Old favourite! The rural districts and counties of Beijing contain many interesting places that you could drive right past without noticing. One of the places we'll visit on this trip is even harder to spot—a system of tunnels built under a village in the 1940s for use as part of a guerilla warfare strategy.
We’ll stop for a 30–40 minute look about the war tunnels on the way to the hike, a 6km walk through the hills of Pinggu District.
War Tunnels Museum
In Chinese territory occupied by Japanese forces it was common practice for local inhabitants to be conscripted to work for the Japanese. As well as searching villages for people who could be forced to work, grain and other supplies were also found and taken away.
In the autumn of 1938, Communist party soldiers came to the village and began to organise the villagers – arming them, and training them in guerilla warfare.
The first phase of tunnel digging began as a way to hide stores of grain or rice, and sometimes people.
As the holes became larger, the villagers started to make tunnels between holes, and eventually the tunnel system grew to a length of 11km.
The tunnels began as simple holes in the ground, and were extended over the course of seven years to form a full tunnel system that featured meeting rooms, gas traps, and storage space for water, food, and munitions.
The tunnels joined many of the houses in the village, and some of the hidden entrances and exits – underneath beds, below grinding stones, inside animal pens – have been restored for visitors to use.
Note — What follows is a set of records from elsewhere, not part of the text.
(* Let $\mathcal U(\mathbb R)$ be the family of open subsets of $\mathbb R$, and let $F:\mathcal U(\mathbb R)\to\mathcal U(\mathbb R)$ be a bijection satisfying $F(U_1\cap U_2)=F(U_1)\cap F(U_2)$ for all $U_1,U_2\in\mathcal U(\mathbb R)$. Then there exists a bijection $u:\mathbb R\to\mathbb R$ such that $F(U)=\{u(x):x\in U\}$ for every open $U\subset\mathbb R$. *)

From Stdlib Require Import Reals Rtopology.
Open Scope R_scope.

Definition OpenSet : Type := { U : R -> Prop | open_set U }.

Definition carrier (U : OpenSet) : R -> Prop := proj1_sig U.

From Stdlib Require Import Reals Rtopology Lra.
From Stdlib Require Import Classical FunctionalExtensionality PropExtensionality
  ProofIrrelevance IndefiniteDescription.
Open Scope R_scope.

(* The hypotheses say that F is a bijection of the open sets of R preserving
   binary intersections; such an F preserves and reflects inclusion, i.e. it
   is an automorphism of the ordered set (U(R), ⊆).  The rest of the argument
   only uses this order structure:
   - a point y lies outside an open set U iff U ⊆ R∖{y}, so membership is
     expressible through inclusions into punctured lines R∖{y};
   - the punctured lines are coatoms: an open set containing R∖{x} is either
     R∖{x} or R;
   - hence an order automorphism G maps each R∖{x} onto some R∖{u(x)};
   - consequently u(x) ∈ G(U) iff x ∈ U, from which u is a bijection of R
     and G(U) = u(U). *)

Definition Included (U V : OpenSet) : Prop :=
  forall x, carrier U x -> carrier V x.

Lemma open_ext (U V : OpenSet) :
  (forall x, carrier U x <-> carrier V x) -> U = V.
Proof.
  destruct U as [U HU], V as [V HV]; unfold carrier; simpl; intros H.
  assert (U = V) by
    (apply functional_extensionality; intro; apply propositional_extensionality; apply H).
  subst; f_equal; apply proof_irrelevance.
Qed.

Lemma punctured_open (x : R) : open_set (fun z => z <> x).
Proof.
  intros z Hz.
  assert (Hp : 0 < Rabs (z - x)) by (apply Rabs_pos_lt; intro; apply Hz; lra).
  exists (mkposreal _ Hp); intros y Hy; unfold disc in Hy; simpl in Hy.
  intro; subst; rewrite Rabs_minus_sym in Hy; lra.
Qed.

Definition Punct (x : R) : OpenSet := exist _ (fun z => z <> x) (punctured_open x).
Definition Whole : OpenSet := exist _ (fun _ => True) open_set_P5.
Definition Inter (U V : OpenSet) : OpenSet :=
  exist _ (intersection_domain (carrier U) (carrier V))
    (open_set_P3 _ _ (proj2_sig U) (proj2_sig V)).

Lemma not_mem_iff_included (U : OpenSet) (y : R) :
  ~ carrier U y <-> Included U (Punct y).
Proof.
  split.
  - intros Hy z Hz Hzy; subst; contradiction.
  - intros H Hy; exact (H y Hy eq_refl).
Qed.

Lemma Punct_coatom (x : R) (V : OpenSet) :
  Included (Punct x) V -> Included V (Punct x) \/ Included Whole V.
Proof.
  intros HxV; destruct (classic (carrier V x)) as [Hx | Hx].
  - right; intros z _; destruct (Req_dec z x) as [-> | Hzx]; auto.
  - left; exact (proj1 (not_mem_iff_included V x) Hx).
Qed.

Section OrderAutomorphism.

Variable G : OpenSet -> OpenSet.
Hypothesis G_order : forall U V : OpenSet, Included U V <-> Included (G U) (G V).
Hypothesis G_surj : forall V : OpenSet, exists U : OpenSet, G U = V.

Lemma G_Whole : Included Whole (G Whole).
Proof.
  destruct (G_surj Whole) as [V HV]; intros y _.
  apply (proj1 (G_order V Whole) (fun _ _ => I)); rewrite HV; exact I.
Qed.

Lemma G_Punct (x : R) : exists y : R, forall z, carrier (G (Punct x)) z <-> z <> y.
Proof.
  assert (Hmiss : exists y, ~ carrier (G (Punct x)) y).
  { apply not_all_ex_not; intros Hfull.
    exact (proj2 (G_order Whole (Punct x)) (fun y _ => Hfull y) x I eq_refl). }
  destruct Hmiss as [y Hy]; destruct (G_surj (Punct y)) as [V HV].
  assert (Hsub : Included (G (Punct x)) (G V)).
  { rewrite HV; exact (proj1 (not_mem_iff_included _ y) Hy). }
  destruct (Punct_coatom x V (proj2 (G_order _ _) Hsub)) as [HVx | HVwhole].
  - exists y; intros z; split.
    + intros Hz; specialize (Hsub z Hz); rewrite HV in Hsub; exact Hsub.
    + intros Hz; apply (proj1 (G_order V (Punct x)) HVx); rewrite HV; exact Hz.
  - exfalso; pose proof (proj1 (G_order _ _) HVwhole y (G_Whole y I)) as Hyy.
    rewrite HV in Hyy; exact (Hyy eq_refl).
Qed.

Definition point_image (x : R) : R :=
  proj1_sig (constructive_indefinite_description _ (G_Punct x)).

Lemma point_image_spec (x z : R) :
  carrier (G (Punct x)) z <-> z <> point_image x.
Proof.
  exact (proj2_sig (constructive_indefinite_description _ (G_Punct x)) z).
Qed.

Lemma G_mem (U : OpenSet) (x : R) :
  carrier (G U) (point_image x) <-> carrier U x.
Proof.
  split; intros H; apply NNPP; intros Hn.
  - apply (not_mem_iff_included U x), (G_order U (Punct x)) in Hn.
    exact (proj1 (point_image_spec x _) (Hn _ H) eq_refl).
  - apply (not_mem_iff_included (G U)) in Hn.
    assert (Hsub : Included (G U) (G (Punct x))).
    { intros z Hz; apply point_image_spec, Hn, Hz. }
    exact (proj2 (G_order _ _) Hsub x H eq_refl).
Qed.

Lemma point_image_inj (x1 x2 : R) : point_image x1 = point_image x2 -> x1 = x2.
Proof.
  intros E; apply NNPP; intros Hn.
  assert (H2 : carrier (G (Punct x1)) (point_image x2))
    by (apply G_mem; intros e; exact (Hn (eq_sym e))).
  exact (proj1 (point_image_spec x1 _) H2 (eq_sym E)).
Qed.

Lemma point_image_surj (y : R) : exists x : R, point_image x = y.
Proof.
  destruct (G_surj (Punct y)) as [V HV].
  assert (Hx : exists x, ~ carrier V x).
  { apply not_all_ex_not; intros Hfull.
    assert (Hyy := proj1 (G_order Whole V) (fun z _ => Hfull z) y (G_Whole y I)).
    rewrite HV in Hyy; exact (Hyy eq_refl). }
  destruct Hx as [x Hx]; exists x; apply NNPP; intros Hn.
  apply Hx, G_mem; rewrite HV; exact Hn.
Qed.

Lemma G_image (U : OpenSet) (y : R) :
  carrier (G U) y <-> exists x : R, carrier U x /\ y = point_image x.
Proof.
  split.
  - intros Hy; destruct (point_image_surj y) as [x <-].
    exists x; split; [apply G_mem |]; auto.
  - intros [x [Hx ->]]; apply G_mem, Hx.
Qed.

End OrderAutomorphism.

Lemma cap_preserving_order (F : OpenSet -> OpenSet)
  (F_inj : forall U1 U2 : OpenSet, F U1 = F U2 -> U1 = U2)
  (F_cap : forall U1 U2 W : OpenSet,
      (forall x, carrier W x <-> (carrier U1 x /\ carrier U2 x)) ->
      forall y, carrier (F W) y <-> (carrier (F U1) y /\ carrier (F U2) y))
  (U V : OpenSet) : Included U V <-> Included (F U) (F V).
Proof.
  split.
  - intros HUV y Hy.
    assert (HU : forall x, carrier U x <-> carrier U x /\ carrier V x)
      by (intros x; split; [intros h; split; auto | intros h; apply h]).
    exact (proj2 (proj1 (F_cap U V U HU y) Hy)).
  - intros HFUV x Hx.
    assert (E : Inter U V = U).
    { apply F_inj, open_ext; intros y.
      rewrite (F_cap U V (Inter U V) (fun z => iff_refl _)).
      split; [intros h; apply h | intros h; split; auto]. }
    rewrite <- E in Hx; exact (proj2 Hx).
Qed.

Theorem lemmaB1 (F : OpenSet -> OpenSet)
  (F_inj : forall U1 U2 : OpenSet, F U1 = F U2 -> U1 = U2)
  (F_surj : forall V : OpenSet, exists U : OpenSet, F U = V)
  (F_cap : forall U1 U2 W : OpenSet,
      (forall x, carrier W x <-> (carrier U1 x /\ carrier U2 x)) ->
      forall y, carrier (F W) y <-> (carrier (F U1) y /\ carrier (F U2) y)) :
  exists u : R -> R,
    (forall x1 x2 : R, u x1 = u x2 -> x1 = x2) /\
    (forall y : R, exists x : R, u x = y) /\
    (forall (U : OpenSet) (y : R),
        carrier (F U) y <-> exists x : R, carrier U x /\ y = u x).
Proof.
  pose proof (cap_preserving_order F F_inj F_cap) as F_order.
  exists (point_image F F_order F_surj); split; [| split].
  - apply point_image_inj.
  - apply point_image_surj.
  - apply G_image.
Qed.
Lemma increment_along_line (V : normedModType R) (F : V -> R) (w v : V) (c d e : R) :
  (forall t, `|t| <= `|c| ->
    derivable F (w + t *: v) v /\ `|'D_v F (w + t *: v) - d| <= e) ->
  `|F (w + c *: v) - F w - c * d| <= e * `|c|.
Proof.
move=> near_d.
pose line t : V := w + t *: v.
have line_shift (t s : R) : line (s *: 1 + t) = s *: v + line t.
  by rewrite /line scalerDl addrCA [s *: 1]mulr1.
have dphi (t : R) : `|t| <= `|c| -> is_derive t 1 (F \o line) ('D_v F (line t)).
  move=> tc; have [D_eq D_ex] := derive_comp_affine F (line_shift t).
  by apply: DeriveDef; [apply/D_ex; exact: (near_d t tc).1 | exact: D_eq].
have [xi xic E] := MVT_origin dphi.
have -> : F w = (F \o line) 0 by rewrite /= /line scale0r addr0.
rewrite -[F (w + c *: v)]/((F \o line) c) E [c * d]mulrC -mulrBl normrM.
by rewrite ler_wpM2r // (near_d xi xic).2.
Qed.

Lemma ler_mx_coord a b (M : 'M[R]_(a, b)) i j : `|M i j| <= `|M|.
Proof.
rewrite [leRHS]/Num.Def.normr /= mx_normrE.
exact: le_trans (le_bigmax _ _ (i, j)).
Qed.

Lemma mx_norm_le a b (M : 'M[R]_(a, b)) c : 0 <= c ->
  (forall i j, `|M i j| <= c) -> `|M| <= c.
Proof. by move=> c0 Mc; rewrite [leLHS]/Num.Def.normr /= mx_normrE (bigmax_le _ c0) // => -[]. Qed.

Definition row_dot a (d : 'I_a -> R) (v : 'rV[R]_a) : R := \sum_i v 0 i * d i.

Lemma row_dot_is_linear a (d : 'I_a -> R) : linear (row_dot d).
Proof.
move=> c u v; rewrite /row_dot scaler_sumr -big_split; apply: eq_bigr => i _.
by rewrite !mxE /GRing.scale /= mulrDl mulrA.
Qed.

HB.instance Definition _ a (d : 'I_a -> R) :=
  GRing.isLinear.Build R 'rV[R]_a R _ (row_dot d) (row_dot_is_linear d).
At the site of the tunnels, we’ll first visit the Exhibition Hall for an introduction to the historical background of the tunnels. Then we’ll head underground to explore the restored section, a 650-metre stretch of tunnels that has been enlarged and had lights added.
Hike to ‘Gold Mountain’
As noted above, we're not going to hike to Gold Mountain because the last part of the trail is super overgrown and no fun.
In the rolling hills nearby the tunnels there are several old trails between villages. We’ll follow the trail that finishes at ‘Gold Mountain’ Village, a small settlement named for the wildcat gold mines in the surrounding hills. The small mines have been closed for quite some time now, but back when we first started doing this hike they were still in action.
Our relatively relaxed 6km hike starts at the entrance of a small village, and we’ll take a short stroll through its streets before following a field trail that leads out into the hills.
The trail leads up and over a ridgeline, and this is the only real climb of the whole hike.
Because there’s a lack of water in the area, the hills above the villages are not actively farmed, and all that grows on them are thorn trees and tall, wavy grass. The grass is nice to walk through, particularly in the spots where it has grown hip-high; the thorns not so much!
We’ll make our way down the other side of the ridge and head for a mostly-deserted village, where we’ll stop to eat our lunch.
Back in 2004, there were only around 40 people living in the village. Since then, the population has dropped further – young people would move out, looking for work in the city, leaving only the elderly.
There were plans to build villas and an equestrian facility by the village, but in the end only a few villas were built.
After our lunch break we’ll head on through the hills,
walking through valleys and meadows on the way up and over the ridge to ‘Gold Mountain’ Village following a track down a valley past some farms and through a big gate, ending up near Yaji Mountain. Our bus will meet us there, and then we’ll be on our way back to Beijing after a nice day out in the countryside.